The CI matrix runs both. The local dev loop runs whichever one
the maintainer typed last. The README does not mention either.
The reason there are two is that the library exports a function
that does some HTTP work, and at some point a maintainer got
tired of waiting for Vitest to spin up to re-check a one-line fix
in a small unit suite. They tried bun test, it felt noticeably
quicker, they kept it. Then a contributor opened a PR that
mocked an ESM dependency the way Vitest's docs describe. It
worked under Vitest. It would silently no-op under bun test in
some Bun versions where the mock helper the contributor reached
for is not yet implemented. The library shipped. A bug class
landed downstream. The maintainer added the second script.

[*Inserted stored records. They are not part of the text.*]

(** Any two points of the omega-limit set are joined by [del]-chains inside it: follow
    the orbit from a visit near [q] to a later visit near [q'], replacing each orbit
    point by a nearby point of the omega-limit set. *)
Lemma omega_chain_connected q q' del : 0 < del -> omega q -> omega q' ->
  exists k xs, chain_in dist g del omega xs k q q'.
Proof.
  intros Hdel Hq Hq'.
  destruct (uniform_continuity (del / 2) ltac:(lra)) as [eta [Heta HU]].
  set (e := Rmin eta (del / 2)).
  assert (He : 0 < e) by (apply Rmin_glb_lt; lra).
  destruct (omega_near_orbit e He) as [T [sel Hsel]].
  destruct (Hq e He T) as [n [Hn Hnq]].
  destruct (Hq' e He (S n)) as [m [Hm Hmq']].
  set (k := (m - n)%nat).
  exists k, (fun i => if (i =? 0)%nat then q else if (i =? k)%nat then q' else sel (n + i)%nat).
  split; [|split; [|split]].
  - apply (shadow_chain del eta _ n k HU); [unfold k; lia|].
    intros i Hi. rewrite (dist_sym Hdist).
    destruct (Nat.eqb_spec i 0); [|destruct (Nat.eqb_spec i k)].
    + subst i. rewrite Nat.add_0_r. exact Hnq.
    + subst i. replace (n + k)%nat with m by (unfold k; lia). exact Hmq'.
    + apply Hsel. lia.
  - intros i Hi. destruct (Nat.eqb_spec i 0); [|destruct (Nat.eqb_spec i k)]; auto.
    apply Hsel. lia.
  - reflexivity.
  - destruct (Nat.eqb_spec k 0); [unfold k in *; lia|]. rewrite Nat.eqb_refl. reflexivity.
Qed.

Lemma omega_CR q : omega q -> CR dist g q.
Proof.
  intros Hq del Hdel.
  destruct (omega_chain_connected q q del Hdel Hq Hq) as [k [xs (Hch & _ & Hx0 & Hxk)]].
  exists k, xs. auto.
Qed.

Lemma omega_meets_closed (A : P -> Prop) : closed_set dist A ->
  (forall eps, 0 < eps -> forall N, exists n a, (N <= n)%nat /\ A a /\ dist (iter n g p) a < eps) ->
  exists q, omega q /\ A q.
Proof.
  intros HA Hvisit.
  destruct (choice (fun k (na : nat * P) =>
              (k <= fst na)%nat /\ A (snd na) /\ dist (iter (fst na) g p) (snd na) < inv_succ k))
    as [h Hh].
  { intros k. destruct (Hvisit _ (inv_succ_pos k) k) as [n [a Hna]]. exists (n, a). exact Hna. }
  destruct (Hseq (fun k => iter (fst (h k)) g p)) as [q Hq].
  exists q. split.
  - apply (cluster_subseq _ _ (fun k => fst (h k))); [intros k; apply Hh | exact Hq].
  - apply HA. intros eps Heps.
    destruct (inv_succ_small (eps / 2) ltac:(lra)) as [K HK].
    destruct (Hq (eps / 2) ltac:(lra) K) as [k [Hk Hkq]]. cbv beta in Hkq.
    destruct (Hh k) as [_ [Ha Hda]]. specialize (HK k Hk).
    exists (snd (h k)). split; [exact Ha|].
    pose proof (dist_triangle Hdist (snd (h k)) (iter (fst (h k)) g p) q) as Htri.
    rewrite (dist_sym Hdist (snd (h k)) (iter (fst (h k)) g p)) in Htri. lra.
Qed.

Lemma cycle_near_return (sel : nat -> P) a k del e eta :
  (forall u v, dist u v < eta -> dist (g u) (g v) < del / 3) -> e <= eta -> e <= del / 3 ->
  (1 <= k)%nat -> (forall j, (j <= k)%nat -> dist (iter (a + j) g p) (sel (a + j)%nat) < e) ->
  dist (iter (a + k) g p) (iter a g p) < del / 3 ->
  is_chain dist g del (fun j => if (j =? k)%nat then sel a else sel (a + j)%nat) k.
Proof.
  intros HU He1 He2 Hk Hsel Hret. split; [exact Hk|]. intros j Hj.
  assert (Hdel : 0 < del) by (pose proof (dist_nonneg Hdist (iter (a + k) g p) (iter a g p)); lra).
  destruct (Nat.eqb_spec j k); [lia|].
  assert (Hgj : dist (g (sel (a + j)%nat)) (iter (a + S j) g p) < del / 3).
  { rewrite Nat.add_succ_r. cbn [iter]. rewrite (dist_sym Hdist). apply HU.
    specialize (Hsel j ltac:(lia)). lra. }
  destruct (Nat.eqb_spec (S j) k) as [Hjk|Hjk].
  - subst k. specialize (Hsel O ltac:(lia)). rewrite Nat.add_0_r in Hsel.
    pose proof (dist_triangle Hdist (g (sel (a + j)%nat)) (iter (a + S j) g p) (sel a)).
    pose proof (dist_triangle Hdist (iter (a + S j) g p) (iter a g p) (sel a)). lra.
  - specialize (Hsel (S j) ltac:(lia)).
    pose proof (dist_triangle Hdist (g (sel (a + j)%nat)) (iter (a + S j) g p) (sel (a + S j)%nat)).
    lra.
Qed.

This is the question every library author has had to answer in
2026: pick a test runner that is fast enough to keep you in flow,
and make sure it tests the same thing your users will see when
they consume the package on Node, Bun, Deno, or a bundle. Bun
Test and Vitest both want to be the answer. They are good at
different things. The real difference is ecosystem surface
versus raw runtime fit; speed is downstream of both. Below: the
rule for picking, plus the same library tested both ways so you
can see what actually changes.

What each one is, in one paragraph

Bun Test is the test runner built
into the Bun runtime. It runs your *.test.ts files directly, in
Bun, with no separate compile step and no node-shaped wrapper. It
ships a Jest-compatible API surface (describe, it, expect,
mock) plus a vi alias for tests written against Vitest. There
is nothing to install — bun test is the command, the binary is
the runtime, and the binary already understands TypeScript.

Vitest is a Vite-powered test runner that
runs on Node (or on Bun, if you tell it to). It uses Vite's
transform pipeline for TypeScript and JSX, ships its own
vi.mock, snapshot, fixture, and concurrency primitives, and
plugs into Vite's HMR for sub-100ms test re-runs in watch mode.
The package is vitest, the config typically lives in
vitest.config.ts, and it works anywhere Node works.

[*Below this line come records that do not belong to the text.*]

Lemma continuous_majorant : continuous majorant.
Proof.
move=> s0; apply/cvgrPdist_le => e e_gt0; apply/nbhs_normP.
have [s0_le0|s0_gt0] := leP s0 0.
  have [d d_gt0 small_d] := majorant_small e_gt0; exists d => // t /= dt.
  rewrite majorant_le0 // sub0r normrN ger0_norm ?majorant_ge0 //.
  by apply: small_d; move: dt; rewrite ltr_norml => /andP[? ?]; lra.
pose a := s0 / 2; have a_gt0 : 0 < a by rewrite divr_gt0.
exists (Num.min a (e * a)) => [|t /=]; first by rewrite /= lt_min a_gt0 mulr_gt0.
rewrite lt_min => /andP[dt_a dt_ea].
have a_le_t : a <= t by move: dt_a; rewrite /a ltr_norml => /andP[? ?]; lra.
rewrite -(ler_pM2l a_gt0) (le_trans (majorant_lipschitz a_gt0 _ a_le_t)) //.
  by rewrite /a; lra.
by rewrite mulrC ltW.
Qed.

Lemma majorant_dominates p : A p -> p.2 <= majorant p.1.
Proof.
move=> Ap; have [p1_gt0|p1_le0] := ltP 0 p.1.
  by apply: majorant_ub; right; exists p; rewrite clip_ratio_eq1 ?mulr1.
have [p2_le0|p2_gt0] := leP p.2 0; first exact: le_trans p2_le0 (majorant_ge0 _).
have [d d_gt0 small_d] := A_small (divr_gt0 p2_gt0 (ltr0Sn _ 1)).
have := small_d p Ap (le_trans p1_le0 (ltW d_gt0)); lra.
Qed.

Both run TypeScript out of the box. Both speak the
describe/it/expect shape. Both do snapshots, mocks, and
parallel files. The differences live below that surface.

Speed: where Bun's lead is real, and where it isn't

Bun's own benchmark page reports
a lead over Vitest and Jest on cold-start runs of pure-logic
suites, and that matches what most library authors I've talked to
report anecdotally: bun test feels faster on cold start, and
noticeably quicker for small unit suites where the runner spends
most of its time spinning up rather than running assertions. Your
numbers will vary with suite shape, transform cost, and how much
of the test body is async I/O the runner cannot speed up.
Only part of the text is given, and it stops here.